To play it safe, we can use Consumer.headOption instead:

val first: Task[Option[Int]] =
  Observable.empty[Int].consumeWith(Consumer.headOption)
  
first.runAsync.foreach(println)
//=> None

Or we can simply get the first Notification that happened, be it OnNext, OnComplete or OnError and then stop, by means of Consumer.firstNotification:

import monix.reactive.Notification.{OnNext, OnComplete, OnError}

val observable = Observable.empty[Int]
val task =
  observable.consumeWith(Consumer.firstNotification)

task.runAsync.foreach {
  case OnComplete => println("onComplete")
  case OnError(ex) => println(s"onError($ex)")
  case OnNext(elem) => println(s"onNext(elem)")
}

Foreach item execute a callback #

The classic foreach operation is available for consumers:

import monix.reactive._

val source = Observable.range(0,1000)
val logger = Consumer.foreach[Long](x => println(s"Elem: $x"))

val task = source.consumeWith(logger)
// task: Task[Unit] = Async(<function3>)

In the context of asynchronous streaming, for each item many times you want to execute an asynchronous process, like a web request. In such a case there’s Consumer.foreachAsync whose callback can return a Task[Unit] instead:

Consumer.foreachAsync[Long] { item =>
  // Play WS, or whatever ...
  val req = ws.clientUrl(s"https://web.com/request/$item").post()
  Task.fromFuture(req).map(_ => ())
}

Or if you want to impress your friends, you can execute that foreach in parallel:

Consumer.foreachParallel[Long](parallelism=10) { item => ??? }

Well OK, this seems more glamour than substance, as for this to be worth it, that function needs to do something really expensive, as otherwise it will be much less efficient than the simple version. And the author hopes you’re not doing blocking I/O.

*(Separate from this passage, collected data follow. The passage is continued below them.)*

(* With $B_n,P_n$ as in the context, let $L_n=|B_n|$, $c_n$ the number of $1$'s in $B_n$, $m_n=|P_n|$ and $o_n$ the number of $1$'s in $P_n$. Assume that the limit $d=\lim_{n\to\infty}c_n/L_n$ exists and $d\neq 1/2$. Then the limit $\delta=\lim_{n\to\infty}o_n/m_n$ exists and $\delta=d$.
   Context: Generation operator: for a finite vector $R=\langle r_1,\dots,r_m\rangle$ of positive integers and $s\in\{1,3\}$, $\mathcal{G}(R,s)= s^{r_1}\,(4-s)^{r_2}\,s^{r_3}\cdots$ (the $i$-th run consists of $r_i$ copies of $s$ if $i$ is odd and of $4-s$ if $i$ is even), of length $\sum_i r_i$. For a finite word $W$ over $\{1,3\}$, $R(W)$ denotes $W$ itself regarded as a vector of positive integers. Define $B_1=\mathcal{G}(\langle 1,3,3,3,1\rangle,1)=1\,3\,3\,3\,1\,1\,1\,3\,3\,3\,1$, $P_1=3$, and for $n\ge1$: $B_{n+1}=B_n\,P_n\,B_n$ (concatenation), $P_{n+1}=\mathcal{G}(R(P_n),3)$. *)

From mathcomp Require Import all_boot.
Set Implicit Arguments. Unset Strict Implicit. Unset Printing Implicit Defensive.

(* Generation operator G(R,s): the i-th run (1-indexed) has r_i copies of s if i
   is odd and of 4-s if i is even. Words over {1,3} are seq nat; R(W) is W itself. *)
Fixpoint gen (R : seq nat) (s : nat) : seq nat :=
  match R with
  | [::] => [::]
  | r :: R' => nseq r s ++ gen R' (4 - s)
  end.

Definition B1 : seq nat := gen [:: 1; 3; 3; 3; 1] 1.

(* BP k = (B_{k+1}, P_{k+1}) : index shifted by one so that k ranges over nat. *)
Fixpoint BP (k : nat) : seq nat * seq nat :=
  match k with
  | 0 => (B1, [:: 3])
  | k'.+1 => let: (b, p) := BP k' in (b ++ p ++ b, gen p 3)
  end.

Definition Bw (k : nat) : seq nat := (BP k).1.
Definition Pw (k : nat) : seq nat := (BP k).2.

Definition Ln (k : nat) : nat := size (Bw k).
Definition cn (k : nat) : nat := count_mem 1 (Bw k).
Definition mn (k : nat) : nat := size (Pw k).
Definition on (k : nat) : nat := count_mem 1 (Pw k).

Lemma B1_eq : B1 = [:: 1; 3; 3; 3; 1; 1; 1; 3; 3; 3; 1].
Proof. by []. Qed.

(* Every B_n is P_{n+2} framed by two 1's.  Indeed all P_n have odd length,
   so G(., 3) maps P_{n+2} = P_{n+1} 1 P_{n-1} 1 P_{n+1} to
   P_{n+3} = P_{n+2} 1 P_n 1 P_{n+2}, and then B_{n+1} = B_n P_n B_n unfolds to
   1 P_{n+3} 1.  Hence m_{n+2} = L_n - 2 and o_{n+2} = c_n - 2, and dropping two
   letters does not change the limiting density since L_n grows without bound. *)
From mathcomp Require Import all_boot zify.

Lemma gen_cat (R1 R2 : seq nat) (s : nat) : s <= 4 ->
  gen (R1 ++ R2) s = gen R1 s ++ gen R2 (if odd (size R1) then 4 - s else s).
Proof.
elim: R1 s => [|r R1 IH] s hs //=.
rewrite IH ?leq_subr // -catA; congr (_ ++ _ ++ gen R2 _).
by case: (odd (size R1)); rewrite //= subKn.
Qed.

Lemma PwS k : Pw k.+1 = gen (Pw k) 3.
Proof. by rewrite /Pw /=; case: (BP k). Qed.

Lemma BwS k : Bw k.+1 = Bw k ++ Pw k ++ Bw k.
Proof. by rewrite /Bw /Pw /=; case: (BP k). Qed.

Lemma Pw_recursion k :
  [/\ Pw k.+3 = Pw k.+2 ++ 1 :: Pw k ++ 1 :: Pw k.+2,
      odd (size (Pw k)), odd (size (Pw k.+1)) & odd (size (Pw k.+2))].
Proof.
elim: k => [|k [IH odd0 odd1 odd2]]; first by split; vm_compute.
have odd3 : odd (size (Pw k.+3)).
  by rewrite IH size_cat /= size_cat /= !oddD /= oddD /= odd0 odd2.
split=> //.
by rewrite PwS IH gen_cat // odd2 /= PwS gen_cat // odd0 /= -!PwS -IH.
Qed.

Lemma Bw_framed k : Bw k = 1 :: Pw k.+2 ++ [:: 1].
Proof.
elim: k => [|k IH]; first by vm_compute.
have [PwSSS _ _ _] := Pw_recursion k.
by rewrite BwS IH PwSSS /= -!catA /= -!catA.
Qed.

Lemma Ln_mn k : Ln k = (mn k.+2).+2.
Proof. by rewrite /Ln /mn Bw_framed /= size_cat addn1. Qed.

Lemma cn_on k : cn k = (on k.+2).+2.
Proof. by rewrite /cn /on Bw_framed /= count_cat /= addn0 addn1. Qed.

Lemma leq_Ln k : k <= Ln k.
Proof.
elim: k => [|k IH] //; have := Ln_mn k.
rewrite /Ln BwS !size_cat -/(Ln k); lia.
Qed.

From Stdlib Require Import Reals Lra.
Open Scope R_scope.

Lemma Un_cv_ext (u v : nat -> R) (l : R) :
  (forall k, u k = v k) -> Un_cv u l -> Un_cv v l.
Proof.
intros Huv Hu eps Heps; destruct (Hu eps Heps) as [N HN].
exists N; intros k Hk; rewrite <- Huv; exact (HN k Hk).
Qed.

Lemma ratio_sub_gap (c L a : R) :
  0 <= a < L -> 0 <= c <= L -> Rabs ((c - a) / (L - a) - c / L) <= a / (L - a).
Proof.
intros [Ha HaL] [Hc HcL].
assert (HL : 0 < / L) by (apply Rinv_0_lt_compat; lra).
assert (Hq : 0 <= c / L <= 1).
{ unfold Rdiv; split; [nra|].
  rewrite <- (Rinv_r L) by lra; apply Rmult_le_compat_r; lra. }
assert (Hg : 0 <= a / (L - a)).
{ unfold Rdiv; assert (0 < / (L - a)) by (apply Rinv_0_lt_compat; lra); nra. }
replace ((c - a) / (L - a) - c / L) with (- (a / (L - a) * (1 - c / L)))
  by (field; lra).
rewrite Rabs_Ropp Rabs_right; nra.
Qed.

Lemma Un_cv_ratio_sub (c L : nat -> R) (a d : R) :
  0 <= a -> (forall k, 0 <= c k <= L k) -> cv_infty L ->
  Un_cv (fun k => c k / L k) d ->
  Un_cv (fun k => (c k - a) / (L k - a)) d.
Proof.
intros Ha Hc HL Hu eps Heps.
destruct (Hu (eps / 2)) as [N1 HN1]; [lra|].
destruct (HL (a + 2 * a / eps)) as [N2 HN2].
exists (Nat.max N1 N2); intros k Hk; unfold R_dist in *.
specialize (HN1 k ltac:(lia)); specialize (HN2 k ltac:(lia)).
assert (Hinv : 0 < / eps) by (apply Rinv_0_lt_compat; lra).
assert (Hcancel : eps * / eps = 1) by (apply Rinv_r; lra).
assert (HaL : a < L k) by (unfold Rdiv in HN2; nra).
assert (Hgap : a / (L k - a) < eps / 2).
{ assert (0 < / (L k - a)) by (apply Rinv_0_lt_compat; lra).
  assert ((L k - a) * / (L k - a) = 1) by (apply Rinv_r; lra).
  unfold Rdiv in *; nra. }
pose proof (ratio_sub_gap (c k) (L k) a (conj Ha HaL) (Hc k)).
pose proof (Rabs_triang ((c k - a) / (L k - a) - c k / L k) (c k / L k - d)).
replace ((c k - a) / (L k - a) - d)
  with (((c k - a) / (L k - a) - c k / L k) + (c k / L k - d)) by ring.
lra.
Qed.

Lemma cv_infty_INR (u : nat -> nat) :
  (forall k, (k <= u k)%nat) -> cv_infty (fun k => INR (u k)).
Proof.
intros Hu M; destruct (INR_unbounded M) as [N HN].
exists N; intros k Hk.
apply Rlt_le_trans with (INR N); [lra|].
apply le_INR; specialize (Hu k); lia.
Qed.

Theorem theorem5p3 (d : R) :
  Un_cv (fun k => INR (cn k) / INR (Ln k)) d ->
  d <> 1 / 2 ->
  Un_cv (fun k => INR (on k) / INR (mn k)) d.
Proof.
intros Hcv _.
apply CV_shift with 2%nat.
apply Un_cv_ext with (fun k => (INR (cn k) - 2) / (INR (Ln k) - 2)).
{ intros k; rewrite Nat.add_comm cn_on Ln_mn !S_INR /=; f_equal; ring. }
apply Un_cv_ratio_sub; [lra | | exact (cv_infty_INR Ln leq_Ln) | exact Hcv].
intros k; split; [apply pos_INR | apply le_INR; apply/leP; exact: count_size].
Qed.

For doing I/O on the other hand, this can be very useful. For example, with the parallelism specified as 10, we could ensure parallel execution of 10 http requests at the same time and no more:

Consumer.foreachParallelAsync[Long](parallelism=10) { item =>
  // Play WS, or whatever ...
  val req = ws.clientUrl(s"https://web.com/request/$item").post()
  Task.fromFuture(req).map(_ => ())
}

Load-balancing consumers and parallel processing #

As a generalization of foreachParallel and foreachParallelAsync, we can place a load-balancer in front of any consumer. Here’s a consumer that processes sums in parallel:

val sumConsumer = 
  Consumer.foldLeft[Long,Long](0L)(_+_)
val parallelConsumer = 
  Consumer.loadBalance(parallelism=10, sumConsumer).map(_.sum)

{
  Observable.range(0,10000)
    .consumeWith(parallelConsumer)
    .runAsync
    .foreach(r => println(s"Result: $r"))

  //=> Result: 49995000
}

This can be used:

  1. to process things in parallel, but with a parallelism limit
  2. it can also be used for I/O, like for doing at most 10 requests in parallel and back-pressure the source if the consumers are too slow

You can also combine different consumer instances that can have different behavior:

val sumConsumer1 = 
  Consumer.foldLeft[Long,Long](0L)(_+_+1)
val sumConsumer2 = 
  Consumer.foldLeft[Long,Long](0L)(_+_+2)

val parallelConsumer = 
  Consumer.loadBalance(sumConsumer1, sumConsumer2).map(_.sum)

The final generated result is going to be a sequence of results collected from all subscribers, hence the final .map(_.sum) to aggregate them all.